Understanding the language of breast cancer through translational research

Young woman with a headscarf

For anyone, a cancer diagnosis is a devastating revelation. The mind reels as one’s mortality is suddenly thrust into the spotlight sooner than anticipated. More disheartening still must be the moment someone learns of its return after a months- or years-long battle. But with the help of a highly specialized team of researchers, London Health Sciences Centre (LHSC) is spearheading novel studies to better understand the various intricacies of breast cancer.

As a city well-recognized for the role it plays in breast cancer research, London sits on the world stage as a centre of excellence relating to metastasis: the spread of cancer away from its original site. And while breast cancer is generally known for having better outcomes, this is only true if it remains localized.
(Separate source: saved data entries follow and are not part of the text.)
Theorem lemma5p1p2 (R : realType) (n D : nat) (C : circuit n D)
  (HC : clifford_circuit C)
  (Omega : finType) (P : Omega -> R) (HP : is_prob P)
  (F : Omega -> err n D) (p : R) (hp : 0 <= p)
  (HF : local_stochastic P F p) :
  exists F' : Omega -> err n D,
    local_stochastic P F' (strength' D p) /\
    (forall (om : Omega) (w : wire n D), w \in supp (F' om) -> (val w.1).+1 = D) /\
    (forall om : Omega, eq_up_to_phase (noisy C (F om)) (noisy C (F' om))).
Proof.
have /choice[G push_F] om : exists G_om, eq_up_to_phase (noisy C (F om)) (noisy C G_om) /\
    forall w, w \in supp G_om -> exists2 s, s \in supp (F om) & spreads_to C s w.
  by have [G_om ? ?] := push_errors_to_end HC (F om); exists G_om.
have G_spread om := (push_F om).2.
exists G; split; last split; last by move=> om; case: (push_F om).
  move=> W; have [->|[w0 _]] := set_0Vmem W; first by rewrite cards0 expr0 prob_le1.
  have D_gt0 : (0 < D)%N := leq_ltn_trans (leq0n _) (ltn_ord w0.1).
  have [p'_ge1|p'_lt1] := lerP 1 (strength' D p).
    exact: le_trans (prob_le1 HP _) (exprn_ege1 _ p'_ge1).
  have [B_q_le q_le1] := strength'_bound hp D_gt0 p'_lt1.
  apply: le_trans (prob_spread_le HP HF G_spread (spreads_to_sources_card HC)
    (spreads_to_targets_card HC) (powR_ge0 _ _) q_le1 (powR_halves_expn _ hp) W) _.
  by apply: lerXn2r; rewrite ?nnegrE ?strength'_ge0 ?mulr_ge0 ?powR_ge0.
by move=> om w /G_spread[s _ /andP[/eqP]].
Qed.
(* Let $G$ be a countable discrete group acting amenably by homeomorphisms on the Cantor space $D^{\aleph_0}=\{0,1\}^{\mathbb N}$. Then there exists a sequence of continuous maps $b^n\colon D^{\aleph_0}\to\mathbb P(G)$, each with finite image, such that for every $g\in G$, $\lim_{n\to\infty}\sup_{x\in D^{\aleph_0}}\|g b^n_x-b^n_{gx}\|_1=0$.
   Context: $\mathbb P(G)=\{b\colon G\to[0,1] : \sum_{g}b(g)=1\}\subset\ell^1(G)$ with the weak* topology and action $(gb)(h)=b(g^{-1}h)$. An action of $G$ on a compact space $X$ is amenable if there is a sequence of continuous maps $b^n\colon X\to\mathbb P(G)$ such that for every $g\in G$, $\lim_{n}\sup_{x\in X}\|g b^n_x-b^n_{gx}\|_1=0$. *)

From Stdlib Require Import Reals List.
Import ListNotations.
Open Scope R_scope.

Definition is_group {G : Type} (mul : G -> G -> G) (inv : G -> G) (e : G) : Prop :=
  (forall a b c, mul (mul a b) c = mul a (mul b c)) /\
  (forall a, mul e a = a) /\ (forall a, mul a e = a) /\
  (forall a, mul (inv a) a = e) /\ (forall a, mul a (inv a) = e).

Definition countable (G : Type) : Prop :=
  exists enum : nat -> G, forall g, exists n, enum n = g.

Definition Cantor := nat -> bool.

Definition agree_upto (M : nat) (x y : Cantor) : Prop :=
  forall i, (i < M)%nat -> x i = y i.

Definition cantor_continuous (f : Cantor -> Cantor) : Prop :=
  forall x N, exists M, forall y, agree_upto M x y -> agree_upto N (f x) (f y).

Definition is_action {G : Type} (mul : G -> G -> G) (e : G)
  (act : G -> Cantor -> Cantor) : Prop :=
  (forall x, act e x = x) /\
  (forall g h x, act (mul g h) x = act g (act h x)) /\
  (forall g, cantor_continuous (act g)).

Fixpoint sum_list {G : Type} (f : G -> R) (l : list G) : R :=
  match l with [] => 0 | a :: l' => f a + sum_list f l' end.

(* f is (unconditionally) summable over G with sum s *)
Definition has_sum {G : Type} (f : G -> R) (s : R) : Prop :=
  forall eps, eps > 0 -> exists l0 : list G, NoDup l0 /\
    forall l, NoDup l -> incl l0 l -> Rabs (sum_list f l - s) < eps.

Definition l1norm_le {G : Type} (f : G -> R) (c : R) : Prop :=
  forall l : list G, NoDup l -> sum_list (fun g => Rabs (f g)) l <= c.

Definition in_PG {G : Type} (b : G -> R) : Prop :=
  (forall g, 0 <= b g /\ b g <= 1) /\ has_sum b 1.

(* c_0(G): functions vanishing at infinity (predual of l^1(G)) *)
Definition in_c0 {G : Type} (f : G -> R) : Prop :=
  forall eps, eps > 0 -> exists l : list G,
    forall g, ~ In g l -> Rabs (f g) < eps.

(* continuity of b : Cantor -> l^1(G) for the weak* topology sigma(l^1, c_0):
   for every f in c_0, x |-> <f, b_x> = sum_g f g * b_x g is continuous *)
Definition weakstar_continuous {G : Type} (b : Cantor -> G -> R) : Prop :=
  forall f : G -> R, in_c0 f ->
  forall x eps, eps > 0 -> exists M, forall y, agree_upto M x y ->
    forall s t, has_sum (fun g => f g * b x g) s ->
                has_sum (fun g => f g * b y g) t -> Rabs (s - t) < eps.
(* For every $k\ge 0$, $\mathbf F_{k+1}=\mathbf T\,\mathbf F_k$; that is, for every $a$-subset $I$ of $[-b,a-1]$, $\mathbf F_{k+1}[I]=\sum_J \mathbf T[I,J]\,\mathbf F_k[J]$, the sum running over all $a$-subsets $J$ of $[-b,a-1]$.
   Context: Let $S$ be a finite set of integers with $a:=\max S\ge 1$ and $b:=-\min S\ge 1$. Each $s\in S$ carries a weight $\omega_s$ in a field $K$ of characteristic $0$; set $\omega_s:=0$ for $s\in\mathbb Z\setminus S$, and for $s\in\mathbb Z$ put $\beta_s:=\delta_{s,0}-\omega_s$. Notation: $[m,n]:=\{i\in\mathbb Z: m\le i\le n\}$, $\mathbb N=\{0,1,2,\dots\}$, $\mathbb N_{\ge n}:=\{i\in\mathbb Z:i\ge n\}$, $X+c:=\{x+c:x\in X\}$; an $n$-subset is a subset of cardinality $n$. Given an integer $c$ and a finite set $I\subseteq\{i\in\mathbb Z:i<c\}$, an $(I,c)$-permutation of order $k\ge0$ is a bijection $\sigma:\mathbb N\to I\cup\mathbb N_{\ge c}$ with $\sigma(n)=n$ for all $n\ge k$; its number of inversions is $\mathrm{inv}(\sigma)=\#\{(i,j)\in\mathbb N^2:i<j,\ \sigma(i)>\sigma(j)\}$ and its signature is $\epsilon(\sigma)=(-1)^{\mathrm{inv}(\sigma)}$. For an $a$-subset $I$ of $[-b,a-1]$, $\mathfrak S_k^{(I)}$ denotes the (finite) set of $(I,a)$-permutations of order $k$, and for $\sigma\in\mathfrak S_k^{(I)}$, $\beta(\sigma):=\epsilon(\sigma)\prod_{i=0}^{k-1}\beta_{\sigma(i)-i}$. $\mathbf F_k$ is the vector indexed by the $a$-subsets of $[-b,a-1]$ with $\mathbf F_k[I]:=\sum_{\sigma\in\mathfrak S_k^{(I)}}\beta(\sigma)$. For a finite set $I\subseteq\mathbb Z$ and $s\in\mathbb Z$, $\epsilon_s(I):=(-1)^{\#\{i\in I:\ i<s\}}$. $\mathbf T$ is the square matrix with rows and columns indexed by the $a$-subsets of $[-b,a-1]$ and entries $\mathbf T[I,J]:=\epsilon_s(I)\beta_s$ if there is an integer $s$ with $I\cup\{a\}=(J+1)\cup\{s\}$ (such $s$ is then unique), and $\mathbf T[I,J]:=0$ otherwise. *)

From HB Require Import structures.
From mathcomp Require Import all_boot all_order all_algebra.
From Stdlib Require Import ClassicalEpsilon.
Set Implicit Arguments. Unset Strict Implicit. Unset Printing Implicit Defensive.
Import Order.TTheory GRing.Theory Num.Theory.
Local Open Scope ring_scope.

Definition pb (P : Prop) : bool := if excluded_middle_informative P then true else false.
(* Let $\mathbf{L}$ be the least monotonic predicate modal logic (respectively the least monotonic topped, the least monotonic cufi, the least monotonic topped cufi predicate modal logic). Then for every formula $\varphi$: $\varphi\in\mathbf{L}$ if and only if $Z\models\varphi$ for every monotonic (respectively monotonic topped, monotonic cufi, monotonic topped cufi) neighborhood frame $Z$. In particular, the least normal predicate modal logic $\mathbf{QK}$ is sound and complete with respect to the class of monotonic, topped, cufi neighborhood frames with constant domains.
   Context: Language: countable set $\mathsf{V}$ of variables, $\top,\bot$, $\land,\neg$, $\forall$, countably many $n$-ary predicate symbols for each $n\in\mathbb{N}$, and $\Box$. A predicate modal logic is a set $\mathbf{L}$ of formulas containing all theorems of classical predicate logic, closed under substitution, modus ponens, generalization, and the rule $\varphi\equiv\psi\in\mathbf{L}\Rightarrow\Box\varphi\equiv\Box\psi\in\mathbf{L}$. It is monotonic if it contains $\Box(p\land q)\supset\Box p\land\Box q$, topped if it contains $\Box\top$, cufi if it contains $\Box p\land\Box q\supset\Box(p\land q)$ ($p,q$ 0-ary predicate symbols); normal means monotonic, topped and cufi. A neighborhood frame is $\langle C,\mathcal{V}\rangle$ with $C\ne\emptyset$, $\mathcal{V}:C\to\mathcal{P}(\mathcal{P}(C))$; it is monotonic if each $\mathcal{V}(c)$ is upward closed under $\subseteq$, topped if $C\in\mathcal{V}(c)$ for all $c$, cufi if each $\mathcal{V}(c)$ is closed under non-empty finite intersections. A neighborhood model on $\langle C,\mathcal{V}\rangle$ adds a single non-empty domain $\mathcal{D}$ and an interpretation $\mathcal{I}(c,P)\subseteq\mathcal{D}^n$ for $n$-ary $P$; truth sets under assignments $\mathcal{A}:\mathsf{V}\to\mathcal{D}$ are defined classically with $\|\forall x\varphi\|_{\mathcal{A}}=\bigcap$ over $x$-variants of $\mathcal{A}$ and $c\in\|\Box\varphi\|_{\mathcal{A}}$ iff $\|\varphi\|_{\mathcal{A}}\in\mathcal{V}(c)$. $\mathcal{M}\models\varphi$ means $\|\varphi\|_{\mathcal{A}}=C$ for all $\mathcal{A}$; $Z\models\varphi$ means $\mathcal{M}\models\varphi$ for every model $\mathcal{M}$ on $Z$ (every domain and interpretation). *)

From Stdlib Require Import List Arith.
Import ListNotations.

(* An atomic formula [FAtom k args] is the
   application of the predicate symbol P^n_k (the k-th predicate symbol of
   arity n) to the variables [args], where n = length args.  So there are
   countably many n-ary predicate symbols for every n. *)
Inductive form : Type :=
| FTop : form
| FBot : form
| FAtom (k : nat) (args : list nat) : form
| FAnd (p q : form) : form
| FNeg (p : form) : form
| FAll (x : nat) (p : form) : form
| FBox (p : form) : form.

Definition Imp (p q : form) : form := FNeg (FAnd p (FNeg q)).
Definition Equiv (p q : form) : form := FAnd (Imp p q) (Imp q p).

Definition upd {T : Type} (f : nat -> T) (x : nat) (t : T) : nat -> T :=
  fun v => if Nat.eqb v x then t else f v.

Fixpoint free (v : nat) (p : form) : Prop :=
  match p with
  | FTop | FBot => False
  | FAtom _ args => In v args
  | FAnd p q => free v p \/ free v q
  | FNeg p => free v p
  | FAll x p => v <> x /\ free v p
  | FBox p => free v p
  end.

(** Simultaneous substitution of variables for free variables (naive: it is
    only meaningful together with the side condition [vsafe]). *)
Fixpoint vsubst (s : nat -> nat) (p : form) : form :=
  match p with
  | FTop => FTop
  | FBot => FBot
  | FAtom k args => FAtom k (map s args)
  | FAnd p q => FAnd (vsubst s p) (vsubst s q)
  | FNeg p => FNeg (vsubst s p)
  | FAll x p => FAll x (vsubst (upd s x x) p)
  | FBox p => FBox (vsubst s p)
  end.

(* No variable introduced by [s] gets captured by a quantifier of p. *)
Fixpoint vsafe (s : nat -> nat) (p : form) : Prop :=
  match p with
  | FTop | FBot | FAtom _ _ => True
  | FAnd p q => vsafe s p /\ vsafe s q
  | FNeg p => vsafe s p
  | FAll x q => vsafe (upd s x x) q /\ (forall v, v <> x -> free v q -> s v <> x)
  | FBox p => vsafe s p
  end.

Fixpoint inst (xs ys : list nat) (v : nat) : nat :=
  match xs, ys with
  | x :: xs', y :: ys' => if Nat.eqb v x then y else inst xs' ys' v
  | _, _ => v
  end.

(** A (simultaneous) formula substitution [S] assigns to every predicate symbol
    P^n_k a pair (xs, C) : a list xs of n distinct variables and a formula C;
    it replaces every atom P^n_k(y_1..y_n) by C[y_1/x_1,...,y_n/x_n]. *)
Definition fsubst := nat -> nat -> (list nat * form).

Definition wf_fsubst (S : fsubst) : Prop :=
  forall n k, length (fst (S n k)) = n /\ NoDup (fst (S n k)).

Fixpoint psubst (S : fsubst) (p : form) : form :=
  match p with
  | FTop => FTop
  | FBot => FBot
  | FAtom k args =>
      vsubst (inst (fst (S (length args) k)) args) (snd (S (length args) k))
  | FAnd p q => FAnd (psubst S p) (psubst S q)
  | FNeg p => FNeg (psubst S p)
  | FAll x p => FAll x (psubst S p)
  | FBox p => FBox (psubst S p)
  end.

(* Admissibility (no variable capture): [B] is the set of variables bound
   above the current position. *)
Fixpoint psafe (B : nat -> Prop) (S : fsubst) (p : form) : Prop :=
  match p with
  | FTop | FBot => True
  | FAtom k args =>
      vsafe (inst (fst (S (length args) k)) args) (snd (S (length args) k)) /\
      (forall v, free v (snd (S (length args) k)) ->
                 ~ In v (fst (S (length args) k)) -> ~ B v)
  | FAnd p q => psafe B S p /\ psafe B S q
  | FNeg p => psafe B S p
  | FAll x q => psafe (fun v => v = x \/ B v) S q
  | FBox p => psafe B S p
  end.

Fixpoint beval (val : form -> bool) (p : form) : bool :=
  match p with
  | FTop => true
  | FBot => false
  | FAnd p q => beval val p && beval val q
  | FNeg p => negb (beval val p)
  | _ => val p
  end.

Definition tautology (p : form) : Prop := forall val, beval val p = true.

Inductive CPL : form -> Prop :=
| cpl_taut p : tautology p -> CPL p
| cpl_inst x y p :
    vsafe (upd (fun v => v) x y) p ->
    CPL (Imp (FAll x p) (vsubst (upd (fun v => v) x y) p))
| cpl_gen_ax x p q :
    ~ free x p -> CPL (Imp (FAll x (Imp p q)) (Imp p (FAll x q)))
| cpl_mp p q : CPL p -> CPL (Imp p q) -> CPL q
| cpl_gen x p : CPL p -> CPL (FAll x p).

Definition is_PML (L : form -> Prop) : Prop :=
  (forall p, CPL p -> L p) /\
  (forall (S : fsubst) p, wf_fsubst S -> psafe (fun _ => False) S p ->
       L p -> L (psubst S p)) /\
  (forall p q, L p -> L (Imp p q) -> L q) /\
  (forall x p, L p -> L (FAll x p)) /\
  (forall p q, L (Equiv p q) -> L (Equiv (FBox p) (FBox q))).

Definition p0 : form := FAtom 0 [].
Definition q0 : form := FAtom 1 [].

Definition ax_mono : form := Imp (FBox (FAnd p0 q0)) (FAnd (FBox p0) (FBox q0)).
Definition ax_top : form := FBox FTop.
Definition ax_cufi : form := Imp (FAnd (FBox p0) (FBox q0)) (FBox (FAnd p0 q0)).

Definition LeastLogic (Ax : form -> Prop) (p : form) : Prop :=
  forall L, is_PML L -> (forall a, Ax a -> L a) -> L p.

Definition ax_set (t c : bool) (a : form) : Prop :=
  a = ax_mono \/ (t = true /\ a = ax_top) \/ (c = true /\ a = ax_cufi).

(* QK: least normal (= monotonic, topped, cufi) predicate modal logic *)
Definition QK (p : form) : Prop :=
  LeastLogic (fun a => a = ax_mono \/ a = ax_top \/ a = ax_cufi) p.

Section Semantics.
Context {C D : Type}.

Fixpoint sat (V : C -> (C -> Prop) -> Prop) (I : C -> nat -> nat -> list D -> Prop)
  (A : nat -> D) (p : form) (c : C) : Prop :=
  match p with
  | FTop => True
  | FBot => False
  | FAtom k args => I c (length args) k (map A args)
  | FAnd p q => sat V I A p c /\ sat V I A q c
  | FNeg p => ~ sat V I A p c
  | FAll x p => forall d : D, sat V I (upd A x d) p c
  | FBox p => V c (fun c' => sat V I A p c')
  end.
End Semantics.

Definition monotonicN {C : Type} (V : C -> (C -> Prop) -> Prop) : Prop :=
  forall c (X Y : C -> Prop), V c X -> (forall w, X w -> Y w) -> V c Y.

Definition toppedN {C : Type} (V : C -> (C -> Prop) -> Prop) : Prop :=
  forall c, V c (fun _ => True).

Definition cufiN {C : Type} (V : C -> (C -> Prop) -> Prop) : Prop :=
  forall c (l : list (C -> Prop)), l <> [] -> (forall X, In X l -> V c X) ->
    V c (fun w => forall X, In X l -> X w).

Definition fvalid {C : Type} (V : C -> (C -> Prop) -> Prop) (p : form) : Prop :=
  forall (D : Type), inhabited D ->
  forall (I : C -> nat -> nat -> list D -> Prop) (A : nat -> D) (c : C),
    sat V I A p c.

(* For a frame class, the set [Valid t c] of formulas valid on all
   monotonic (topped if t, cufi if c) frames is itself a predicate modal logic
   containing the axioms, hence contains the least one.  The only non-trivial
   closure property is substitution of formulas for predicate symbols, which
   semantically amounts to reinterpreting the predicate symbols
   ([sat_psubst]); variable substitution is handled by [sat_vsubst].

   Let L be a predicate modal logic and M a bound on the
   variables of a formula.  A Lindenbaum-Henkin construction extends every
   L-consistent formula to a maximal consistent set whose existential
   witnesses are all variables d + M ([lindenbaum]).  The canonical frame has
   these sets as worlds and lets X be a neighborhood of G iff some box
   formula of G has its truth set inside X; the domain is nat, d standing for
   the variable d + M.  When L contains the monotonicity axiom, the truth
   lemma ([truth]) holds for formulas whose bound variables are below M; the
   frame is monotonic by construction, and topped resp. cufi when L contains
   the corresponding axiom.  A non-theorem has a consistent negated universal
   closure, which is then falsified in the canonical model. *)

From Stdlib Require Import List Arith Lia Classical FunctionalExtensionality
  PropExtensionality IndefiniteDescription Cantor.
Import ListNotations.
“About 25% of patients with breast cancer will develop metastatic disease, and metastasis is the main cause of cancer death,” says Dr. Alison Allan, Director of the Breast Cancer Society of Canada Translational Research Unit at LHSC. “Metastasis is really the big unsolved problem when it comes to breast cancer, and London has maintained that as an important area of focus.”

In the last several years, the Breast Cancer Society of Canada (BCSC) has been making a concerted effort to identify and fund centres across the country breaking new ground in the field. To this end, the BCSC recently made a $2.5 million commitment, further solidifying its two-decade-long support of breast cancer research in London. Accompanying this pledge, the research unit was renamed the Breast Cancer Society of Canada Translational Research Unit at the London Regional Cancer Program (LRCP).

As a multidisciplinary team effort, translational research is all about supporting one another towards a common goal. One such collaboration pertains to the cutting-edge research led by Braeden Medeiros, PhD graduate student at Western University, who is examining how and why certain breast cancer cells travel to the lung, where survival rates drop dramatically.

“In the first aspect of my project published last year, we showed how the lung develops a supportive environment allowing cancer cells to travel from the breast to the lung,” says Medeiros. “We wanted to determine why this is happening and finally, to prevent it.”

The initial study, partially funded by donors, showed how particles known as extracellular vesicles can travel from the primary tumour to the secondary site, acting as a sort of communicator to help cultivate an environment for additional cancer growth in the lung. However, this environment only develops based on particular sub-types of breast cancer. With this in mind, Medeiros and the BCSC Translational Research Unit are now in the process of trying to cut off communication from tumour to lung, and so far, things appear promising.

“We’ve taken an FDA approved drug and shown how it’s able to prevent this communication, thereby reducing instances of lung metastasis,” he says.

Apart from the work being done with metastasis, Dr. Ana Lohmann, clinician researcher at LHSC, is studying late recurrence: cancer that returns after more than 5 years in remission. “If we can identify patients at risk of late recurrence using a specialized ‘liquid biopsy’ blood test as a means of prediction, we can potentially offer treatment before metastasis become clinically identified,” Dr. Lohmann says.

Currently, there are no specific blood tests available capable of identifying women who are at high risk of late recurrence. Recruiting patients from around the continent, this Late Recurrence Study has become the epitome of collaboration, garnering international attention with coordination from the Canadian Cancer Trials Group.

Dr. Lohmann is also leading a multicentre study in Ontario and Quebec to diagnose breast cancer recurrence using less invasive tools. When physicians suspect there are recurrences, a tissue biopsy is performed to confirm—an invasive, time-consuming process. Dr. Lohmann and team want to streamline detection using a single blood draw for a liquid biopsy to identify cancer cells or pieces of tumor DNA in the bloodstream.

To solve difficult problems in the clinic, you need to have the people in place willing to think outside of the box. Thanks to our donors, who are able to see the value in supporting these types of initiatives, researchers can drive translation to the clinic, making progress much faster. By not only preventing the disease from communicating its way through the body, but also improving efficiencies in prediction methods, LHSC’s BCSC Translational Research Unit is aiming to stop breast cancer fast in its tracks.